At this point, we have more questions than answers. By cutting out low-use words, it seems we are able to eliminate noise and focus the model only on what is essential for the task. However, we can’t fully understand what’s happening with only a few trials. We need more data.
We have building evidence that reducing the vocabulary helps in the discrimination task. Let’s further test this idea so we can better understand it.
We’ll run the experiment again with different model configurations. We’ll train one model with a full vocabulary, one with a vocabulary of the top 10,000 most frequent words, one with the top 8,000 words, and one with the top 6,000. For robustness, we’ll run 10 trials for each version. Additionally, we’ll partition out a small chunk of our test data to validate the model after each training epoch. This will act as a “mini” test to give us a sense for how the model would perform on the full test set at each point in the training.

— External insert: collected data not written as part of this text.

Lemma foldr_min_le a l x : x \in a :: l -> foldr Num.min a l <= x.
Proof.
elim: l x => [|b l IH] x /=; first by rewrite inE => /eqP ->.
rewrite !inE ge_min => /or3P[/eqP-> | /eqP-> | xl]; first by rewrite IH ?orbT ?mem_head.
  by rewrite lexx.
by rewrite IH ?orbT // inE xl orbT.
Qed.

Lemma foldr_min_mem a l : foldr Num.min a l \in a :: l.
Proof.
elim: l => [|b l IH] /=; first by rewrite mem_head.
rewrite /Num.min; case: ifP => _; rewrite !inE ?eqxx ?orbT //.
by move: IH; rewrite inE => /orP[] ->; rewrite ?orbT.
Qed.

Lemma seqmin_le l x : x \in l -> seqmin l <= x.
Proof. by case: l => // a l xl; apply: foldr_min_le; rewrite inE xl orbT. Qed.

Lemma seqmin_mem l : l != [::] -> seqmin l \in l.
Proof.
case: l => // a l _; have := foldr_min_mem a (a :: l).
by rewrite /seqmin /= inE => /orP[/eqP-> |]; rewrite ?mem_head.
Qed.

Lemma seqmin_ge0 l : {in l, forall x, 0 <= x} -> 0 <= seqmin l.
Proof. by case: l => [|a l] l_ge0 //; apply/l_ge0/seqmin_mem. Qed.

Lemma seqmin_subr l d : l != [::] -> seqmin [seq x - d | x <- l] = seqmin l - d.
Proof.
have shift a l' : foldr Num.min (a - d) [seq x - d | x <- l'] = foldr Num.min a l' - d.
  by elim: l' => //= b l' ->; rewrite /Num.min ltrD2r; case: ifP.
by case: l => // a l _; rewrite /seqmin -shift.
Qed.

End SeqMin.

Ltac case_minmax := repeat match goal with
  | |- context [Num.min ?a ?b] => case: (leP a b) => ?
  | |- context [Num.max ?a ?b] => case: (leP a b) => ? end.

Section ShadowMoat.
Variables (R : realFieldType) (V E : finType) (ends : E -> V * V) (c : E -> R).
Variables (tie : {set E} -> E) (t : V -> R).
Implicit Types (s : V -> R) (tau d : R) (F : {set E}) (e : E) (C : {set V}).
Implicit Types (y : {ffun {set V} -> R}) (st : state R V E).

Local Notation moat_step s := (step ends c tie s t).

Definition tight_edges F y := [set e | between ends F e && (load ends y e == c e)].

Definition active_comps s tau F := [set C in comps ends F | active s tau C].

Definition delays s tau F y :=
  [seq s w - tau | w <- enum V & tau < s w] ++
  [seq (c e - load ends y e) / (rate ends s tau F e)%:R
     | e <- enum E & between ends F e && (0 < rate ends s tau F e)%N].

Definition next_delay s st := seqmin (delays s (st_time st) (st_forest st) (st_y st)).

Definition tmax C := \big[Num.max/0]_(w in C) t w.

(* Length of the part of [[tau, tau + d)] during which [C] grows [y_base]. *)
Definition base_share tau C d := Num.max 0 (Num.min d (tmax C - tau)).

(* The growth branch of [step], for an arbitrary duration [d]. *)
Definition grow s st d :=
  let: State tau F y yb ya _ := st in
  let A := active_comps s tau F in
  State (tau + d) F [ffun S => if S \in A then y S + d else y S]
    (yb + \sum_(C in A) base_share tau C d) (ya + \sum_(C in A) (d - base_share tau C d))
    false.

Lemma grow_time s st d : st_time (grow s st d) = st_time st + d.
Proof. by case: st. Qed.

Lemma grow_forest s st d : st_forest (grow s st d) = st_forest st.
Proof. by case: st. Qed.

Lemma grow_done s st d : st_done (grow s st d) = false.
Proof. by case: st. Qed.

Lemma grow_base s st d : st_base (grow s st d) =
  st_base st + \sum_(C in active_comps s (st_time st) (st_forest st)) base_share (st_time st) C d.
Proof. by case: st. Qed.

Lemma stepE s st : moat_step s st =
  if st_done st then st else
  if tight_edges (st_forest st) (st_y st) != set0 then
    State (st_time st) (tie (tight_edges (st_forest st) (st_y st)) |: st_forest st)
      (st_y st) (st_base st) (st_add st) false
  else if active_comps s (st_time st) (st_forest st) == set0 then
    State (st_time st) (st_forest st) (st_y st) (st_base st) (st_add st) true
  else grow s st (next_delay s st).
Proof. by case: st => tau F y yb ya []. Qed.

Lemma step_grow s st : ~~ st_done st ->
  tight_edges (st_forest st) (st_y st) = set0 ->
  active_comps s (st_time st) (st_forest st) != set0 ->
  moat_step s st = grow s st (next_delay s st).
Proof.
by move=> not_done no_tight act; rewrite stepE (negbTE not_done) no_tight eqxx (negbTE act).
Qed.

Lemma active_compsP s tau F :
  reflect (exists w, tau < s w) (active_comps s tau F != set0).
Proof.
apply: (iffP (set0Pn _)) => [[C] | [w lt_w]].
  by rewrite inE => /andP[_ /existsP[w /andP[_ lt_w]]]; exists w.
exists (comp ends F w); rewrite inE comp_in_comps /=.
by apply/existsP; exists w; rewrite mem_comp.
Qed.

Lemma comp_crosses F e C : C \in comps ends F -> crosses ends e C ->
  C = comp ends F (ends e).1 \/ C = comp ends F (ends e).2.
Proof.
case/compsP => x ->; rewrite /crosses.
case: (boolP (_ \in _)) => [u_in _ | _ /negPn v_in]; first by left; rewrite (comp_of_mem u_in).
by right; rewrite (comp_of_mem v_in).
Qed.

Lemma load_grow s st d e : between ends (st_forest st) e ->
  load ends (st_y (grow s st d)) e =
  load ends (st_y st) e + d * (rate ends s (st_time st) (st_forest st) e)%:R.
Proof.
case: st => tau F y yb ya dn /= be; rewrite /load.
set A := active_comps s tau F.
rewrite (eq_bigr (fun S => y S + (if S \in A then d else 0))); last first.
  by move=> S _; rewrite ffunE; case: ifP; rewrite ?addr0.
rewrite big_split /=; congr (_ + _).
set u := (ends e).1; set v := (ends e).2.
have neq_uv : comp ends F u != comp ends F v by [].
have u_notin_v : u \notin comp ends F v by apply: contra neq_uv => /comp_of_mem ->.
have v_notin_u : v \notin comp ends F u by apply: contra neq_uv => /comp_of_mem <-.
have cross_u : crosses ends e (comp ends F u) by rewrite /crosses mem_comp (negbTE v_notin_u).
have cross_v : crosses ends e (comp ends F v) by rewrite /crosses mem_comp (negbTE u_notin_v).
rewrite (bigD1 (comp ends F u)) //= (bigD1 (comp ends F v)) /=; last by rewrite cross_v eq_sym.
rewrite big1 ?addr0 => [|S /andP[/andP[cross_S neq_u] neq_v]]; last first.
  rewrite inE; case: (boolP (S \in comps ends F)) => //= S_comp.
  by case: (comp_crosses S_comp cross_S) => S_eq; rewrite S_eq eqxx in neq_u neq_v.
rewrite !inE !comp_in_comps /= /rate natrD mulrDr.
by case: (active s tau (comp ends F u)); case: (active s tau (comp ends F v));
  rewrite /= ?mulr1 ?mulr0.
Qed.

We see above that the full vocabulary helps our model learn best during training. Not so surprising given what we’ve seen so far. In the other models, we erase the words that are not in our vocabulary, which prevents the model from learning optimally during training. However, there’s more to the story. Let’s look at our validation accuracy after each epoch. Remember, the validation data is not used for training, only testing. We run the validation test after each epoch.

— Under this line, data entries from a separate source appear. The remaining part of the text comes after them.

Lemma P2_not_self_reciprocal_eq3 : n = 3 -> root P2 1 -> ~ self_reciprocal n.+1 P2.
Proof.
move=> n3 P2_1 /P2_reciprocal_relations [_ R1 R2 _].
have C2m_neq0 : 'C(n.+1, 2)%:R * m ^+ 2 != 0 by rewrite mulf_neq0 ?binr_neq0 ?expf_neq0 //; lia.
have two_neq0 : 2%:R != 0 :> F by rewrite natr_neq0 //; lia.
have three_neq0 : 3%:R != 0 :> F by rewrite natr_neq0 //; lia.
rewrite n3 subnn in R1 R2 C2m_neq0.
set c0 := m ^+ 4 * m ^+ 0 - lam * m in R1 R2.
move: P2_1; rewrite /root !hornerE n3 => /eqP S0.
have c0_1 : c0 = 1 by apply: (mulIf C2m_neq0); rewrite mul1r [RHS]R2; ring.
have lam_eq : lam = 4%:R * m ^+ 3 - 4%:R * m.
  by move: R1; rewrite c0_1 mul1r => R1; rewrite R1; ring.
have m1_neq0 : m + 1 != 0.
  apply: contra_neq lam_neq0 => m1; rewrite lam_eq.
  have -> : m = -1 by apply/eqP; rewrite -addr_eq0 m1.
  by ring.
have u0 : 3%:R * m + 1 = 0.
  have : 2%:R * (3%:R * m + 1) * (m + 1) = 0.
    transitivity ((1 + m) ^+ 4 - lam * (1 + m) - (c0 - 1)); first by rewrite /c0 lam_eq; ring.
    by rewrite S0 c0_1 subrr subr0.
  by move/eqP; rewrite !mulf_eq0 (negbTE m1_neq0) (negbTE two_neq0) orbF => /eqP.
(* after eliminating [lam], [81 (c0 - 1) = - 3 (3 m)^4 + 36 (3 m)^2 - 81] *)
have : 2%:R ^+ 4 * 3%:R = 0 :> F.
  transitivity (- 81%:R * (c0 - 1) + (3%:R * m + 1) * (- 3%:R * (3%:R * m) ^+ 3
                + 3%:R * (3%:R * m) ^+ 2 + 33%:R * (3%:R * m) - 33%:R)).
    by rewrite /c0 lam_eq; ring.
  by rewrite c0_1 u0 subrr; ring.
by apply/eqP; rewrite mulf_neq0 // expf_neq0.
Qed.

Lemma P2_not_self_reciprocal : root P2 1 -> ~ self_reciprocal n.+1 P2.
Proof.
have [n3 | n_gt3] : n = 3 \/ (3 < n)%N by lia.
  exact: P2_not_self_reciprocal_eq3.
by move=> _; apply: P2_not_self_reciprocal_gt3.
Qed.

Lemma P2_drop_reciprocal_relations : lam = m ^+ n ->
  self_reciprocal n (drop_poly 1 P2) ->
  let c0 := n%:R * (m ^+ 3 * q) in
  [/\ 1 = c0 * c0, n.+1%:R * m = c0 * ('C(n.+1, 2)%:R * (m ^+ 2 * q))
    & 'C(n.+1, 2)%:R * m ^+ 2 = c0 * ('C(n.+1, 3)%:R * (m * q))].
Proof.
move=> lam_eq rec c0.
have P2_1 : P2`_1 = c0.
  by rewrite coef_P2_1 lam_eq expr_n -natr1 mulrDl mul1r addrK.
have rel j : (j < n.+1)%N -> P2`_(n.+1 - j) = c0 * P2`_j.+1.
  by move=> j_lt; rewrite -coef_drop_poly1_sub //= rec ?coef_drop_poly ?addn1 ?P2_1.
have R0 := rel 0%N isT; rewrite subn0 coef_P2_lead P2_1 in R0.
have R1 := rel 1%N (leqW (ltnW n_gt2)).
rewrite coef_P2_sub ?coef_P2_low ?bin1 ?expr1 // in R1; last lia.
have R2 := rel 2%N (leqW n_gt2).
by rewrite coef_P2_sub ?coef_P2_low in R2.
Qed.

The error bars here represent one standard deviation from the mean of all 10 trials. For clarity, let’s remove the error bars so we can zoom in.
The tables have turned! We see our reduced models reaching peaks about as high as the full vocabulary model.

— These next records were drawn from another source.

(* Let $\mathcal{I}$ be an index set, and let an incomplete data case be a pair $(\mathbf{x},\mathbf{t})$ where $\mathbf{t}=[t_i]_{i=1}^{|\mathbf{t}|}$ is a finite list of indices in $\mathcal{I}$ and $\mathbf{x}=[x_i]_{i=1}^{|\mathbf{t}|}$ a list of real values. Let $p_{\mathcal{D}}(\mathbf{x},\mathbf{t})$ be a data distribution over incomplete data cases, and let $p_{\mathcal{I}}(\mathbf{t})$ be its marginal distribution over index sets $\mathbf{t}$. Let $p_z(\mathbf{z})$ be a prior distribution over latent codes $\mathbf{z}$, let $g_\theta$ be a deterministic decoder mapping each latent code $\mathbf{z}$ to a function $g_\theta(\mathbf{z})\in\mathbb{R}^{\mathcal{I}}$, and write $g_\theta(\mathbf{z},\mathbf{t}) = [g_\theta(\mathbf{z})(t_i)]_{i=1}^{|\mathbf{t}|}$. Let $q_\phi(\mathbf{z}\mid\mathbf{x},\mathbf{t})$ be a (stochastic) encoder distribution over latent codes. Define the encoder joint distribution as the law of $(\mathbf{x},\mathbf{t},\mathbf{z})$ obtained by drawing $(\mathbf{x},\mathbf{t})\sim p_{\mathcal{D}}$ and then $\mathbf{z}\sim q_\phi(\mathbf{z}\mid\mathbf{x},\mathbf{t})$, and define the decoder joint distribution as the law of $(g_\theta(\mathbf{z},\mathbf{t}),\mathbf{t},\mathbf{z})$ obtained by drawing $\mathbf{z}\sim p_z$ and independently $\mathbf{t}\sim p_{\mathcal{I}}$. Suppose the encoder and decoder achieve the same joint distribution over $(\mathbf{x},\mathbf{t})$ and $\mathbf{z}$, i.e. the encoder joint distribution equals the decoder joint distribution. Then for any $(\mathbf{x},\mathbf{t})$ with non-zero probability under $p_{\mathcal{D}}$, if $\mathbf{z}\sim q_\phi(\mathbf{z}\mid\mathbf{x},\mathbf{t})$, we have $g_\theta(\mathbf{z},\mathbf{t})=\mathbf{x}$ almost surely.
   Context: This is the setting of the Partial Bidirectional GAN (P-BiGAN) for incomplete data: complete data are functions $f:\mathcal{I}\to\mathbb{R}$; an incomplete case records the values $x_i=f(t_i)$ at a sampled set of indices $\mathbf{t}$. The complete data $f$ and the indices $\mathbf{t}$ are assumed independent, so the index distribution $p_{\mathcal{I}}(\mathbf{t})$ coincides with the marginal of $\mathbf{t}$ under $p_{\mathcal{D}}$. In density notation, the encoder joint is $p_{\mathrm{enc}}(\mathbf{x},\mathbf{t},\mathbf{z})=p_{\mathcal{D}}(\mathbf{x},\mathbf{t})\,q_\phi(\mathbf{z}\mid\mathbf{x},\mathbf{t})$ and the decoder joint is $p_{\mathrm{dec}}(\mathbf{x},\mathbf{t},\mathbf{z})=p_{\mathcal{I}}(\mathbf{t})\,p_z(\mathbf{z})\,\delta(\mathbf{x}-g_\theta(\mathbf{z},\mathbf{t}))$, with $\delta$ the Dirac delta. *)

From HB Require Import structures.
From mathcomp Require Import all_boot all_order all_algebra.
From mathcomp Require Import all_classical all_reals all_analysis.
Set Implicit Arguments. Unset Strict Implicit. Unset Printing Implicit Defensive.
Import Order.TTheory GRing.Theory Num.Theory.
Local Open Scope classical_set_scope.
Local Open Scope ring_scope.

Definition seqp (T : choiceType) := seq T.
HB.instance Definition _ (T : choiceType) := Choice.on (seqp T).
HB.instance Definition _ (T : choiceType) := isPointed.Build (seqp T) [::].

(* Measurable cylinders of finite lists over a measurable space T: the lists
   of length n whose k-th entry lies in the measurable set B k (k < n).
   They generate the disjoint-union sigma-algebra  U_n  T^n  (each T^n with
   its product sigma-algebra). *)
Definition seq_cyl d (T : measurableType d) : set (set (seqp T)) :=
  [set A | exists (n : nat) (B : nat -> set T),
     (forall k, measurable (B k)) /\
     A = [set s : seqp T | size s = n /\
            forall k, (k < n)%N -> B k (nth point s k)]].

Definition seqM d (T : measurableType d) := g_sigma_algebraType (@seq_cyl d T).

(* Incomplete data cases (x, t), encoded as the list of pairs (t_i, x_i);
   t = map fst s, x = map snd s (so |x| = |t| automatically). *)
Definition cases d (I : measurableType d) (R : realType) := seqM [the measurableType _ of (I * R)%type].

Definition dec_case d (I : measurableType d) (R : realType) {Z : Type}
  (g : Z -> I -> R) (t : seq I) (z : Z) : seq (I * R) :=
  [seq (i, g z i) | i <- t].

Definition enc_joint d dZ (I : measurableType d) (R : realType)
  (Z : measurableType dZ) (pD : set (cases I R) -> \bar R)
  (q : cases I R -> {measure set Z -> \bar R}) (A : set (cases I R * Z)) : \bar R :=
  (\int[pD]_s q s (xsection A s))%E.

Definition dec_joint d dZ (I : measurableType d) (R : realType)
  (Z : measurableType dZ) (pI : set (seqM I) -> \bar R) (pz : set Z -> \bar R)
  (g : Z -> I -> R) (A : set (cases I R * Z)) : \bar R :=
  (pI \x pz)%E [set tz : seqM I * Z |
     A ((dec_case g tz.1 tz.2 : cases I R), tz.2)].

(** The decoder joint law is carried by the graph {((x,t),z) | x = g_theta(z,t)},
    so it gives measure 0 to {s0} x N, where N is the set of codes z whose
    decoding at the indices of s0 differs from the values of s0.  The encoder
    joint law gives the same set measure p_D({s0}) q_phi(N | s0), and since
    p_D({s0}) > 0 this forces q_phi(N | s0) = 0. *)
From HB Require Import structures.
From mathcomp Require Import all_boot all_order all_algebra.
From mathcomp Require Import all_classical all_reals all_analysis.
Import Order.TTheory GRing.Theory Num.Theory.
Local Open Scope classical_set_scope.
Local Open Scope ring_scope.

Lemma measurable_map_eq dZ dV (Z : measurableType dZ) (V : measurableType dV)
    (I : Type) (g : Z -> I -> V) :
  (forall v : V, measurable [set v]) ->
  (forall i, measurable_fun setT (g ^~ i)) ->
  forall (t : seq I) (l : seq V), measurable [set z | [seq g z i | i <- t] = l].
Proof.
move=> mV mg; elim=> [|i t IH] [|v l] /=.
- by rewrite (_ : [set _ | _] = setT) //; apply/seteqP; split.
- by rewrite (_ : [set _ | _] = set0) //; apply/seteqP; split.
- by rewrite (_ : [set _ | _] = set0) //; apply/seteqP; split.
- rewrite (_ : [set _ | _] = g ^~ i @^-1` [set v] `&` [set z | [seq g z i | i <- t] = l]).
    by apply: measurableI => //; rewrite -[X in measurable X]setTI; exact: mg.
  by apply/seteqP; split => z /= [-> ->].
Qed.

Section decoder_graph.
Variables (R : realType) (dI dZ : measure_display).
Variables (I : measurableType dI) (Z : measurableType dZ).

Lemma dec_case_fst (g : Z -> I -> R) t z : map fst (dec_case g t z) = t.
Proof. by rewrite -map_comp map_id. Qed.

Lemma dec_case_snd (g : Z -> I -> R) t z :
  map snd (dec_case g t z) = [seq g z i | i <- t].
Proof. by rewrite -map_comp. Qed.

Lemma dec_joint_off_graph (pI : {measure set (seqM I) -> \bar R})
    (pz : {sigma_finite_measure set Z -> \bar R}) (g : Z -> I -> R)
    (A : set (cases I R * Z)) :
  (forall s z, A (s, z) -> [seq g z i | i <- map fst s] <> map snd s) ->
  dec_joint pI pz g A = 0%E.
Proof.
move=> offA; rewrite /dec_joint (_ : [set _ | _] = set0) ?measure0 //.
apply/seteqP; split => -[t z] // /offA /=.
by rewrite dec_case_fst dec_case_snd.
Qed.

End decoder_graph.

Lemma enc_joint_setX1 d dZ (I : measurableType d) (R : realType)
    (Z : measurableType dZ) (pD : {measure set (cases I R) -> \bar R})
    (q : cases I R -> {measure set Z -> \bar R}) (s0 : cases I R) (B : set Z) :
  measurable [set s0] ->
  enc_joint pD q ([set s0] `*` B) = (q s0 B * pD [set s0])%E.
Proof.
move=> ms0; rewrite /enc_joint.
have -> : (fun s => q s (xsection ([set s0] `*` B) s)) =
          (fun s => q s0 B * (\1_[set s0] s)%:E)%E.
  apply: funext => s; have [->|ns] := pselect (s = s0).
    by rewrite indicE mem_set // mule1 in_xsectionX ?inE.
  by rewrite indicE memNset // mule0 notin_xsectionX ?measure0 // notin_setE.
rewrite ge0_integralZl //.
- by rewrite integral_indic // setIT.
- by apply/measurable_realfun.measurable_EFinP; exact: measurable_realfun.measurable_indic.
Qed.

Theorem proposition2 (R : realType)
  (dI : measure_display) (I : measurableType dI)
  (dZ : measure_display) (Z : measurableType dZ)
  (pD : probability (cases I R) R) (pI : probability (seqM I) R)
  (pz : probability Z R) (g : Z -> I -> R)
  (q : R.-pker (cases I R) ~> Z) :
  measurable_fun setT (fun p : Z * I => g p.1 p.2) ->
  (forall A : set (seqM I), measurable A ->
     pI A = pD [set s : cases I R | A (map fst s)]) ->
  (forall A : set (cases I R * Z), measurable A ->
     enc_joint pD q A = dec_joint pI pz g A) ->
  forall s0 : cases I R, measurable [set s0] -> (0 < pD [set s0])%E ->
  {ae q s0, forall z, [seq g z i | i <- map fst s0] = map snd s0}.
Proof.
move=> mg _ enc_dec s0 ms0 ps0.
set N := ~` [set z | [seq g z i | i <- map fst s0] = map snd s0].
have mN : measurable N.
  apply/measurableC/measurable_map_eq => [v|i]; first exact: measurable_set1.
  exact: (measurable_fun_pair1 i mg).
have := enc_dec _ (measurableX ms0 mN).
rewrite enc_joint_setX1 // dec_joint_off_graph; last by move=> s z [/= -> ?].
by move/eqP; rewrite mule_eq0 (gt_eqF ps0) orbF => /eqP qN0; exists N; split.
Qed.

Looking closer, the full vocabulary model tops out at epoch 2, then validation accuracy declines. This is further evidence that the original model overfit to the training data. As we trained more and more, it got better on train data and worse on test data.
To play fair, let’s imagine we use “early stopping”, which is a technique that works exactly as it sounds. We’ll “stop” each model at its best validation accuracy and compare only these values.
Even in this case, the reduced models perform better than the full model, if only slightly. Finally, let’s review test results from the full testing phase (which is four times as large as the validation test data). There’s little reason to consider the results from the full vocabulary model since we now know that it was significantly crippled by overfitting during training.
From these results, the smaller 6,000 word vocabulary appears to be the optimal choice among the models tested for this task.
By leveraging structural knowledge of natural language we have successfully created a modest but effective improvement in classifier performance for sentiment analysis.
Most significantly, we are able to save at least 90% of the space used for storing word representations, since we can ignore these words without affecting model performance on the task. This is a space-time tradeoff: we can cut these model parameters at the expense of doing more training.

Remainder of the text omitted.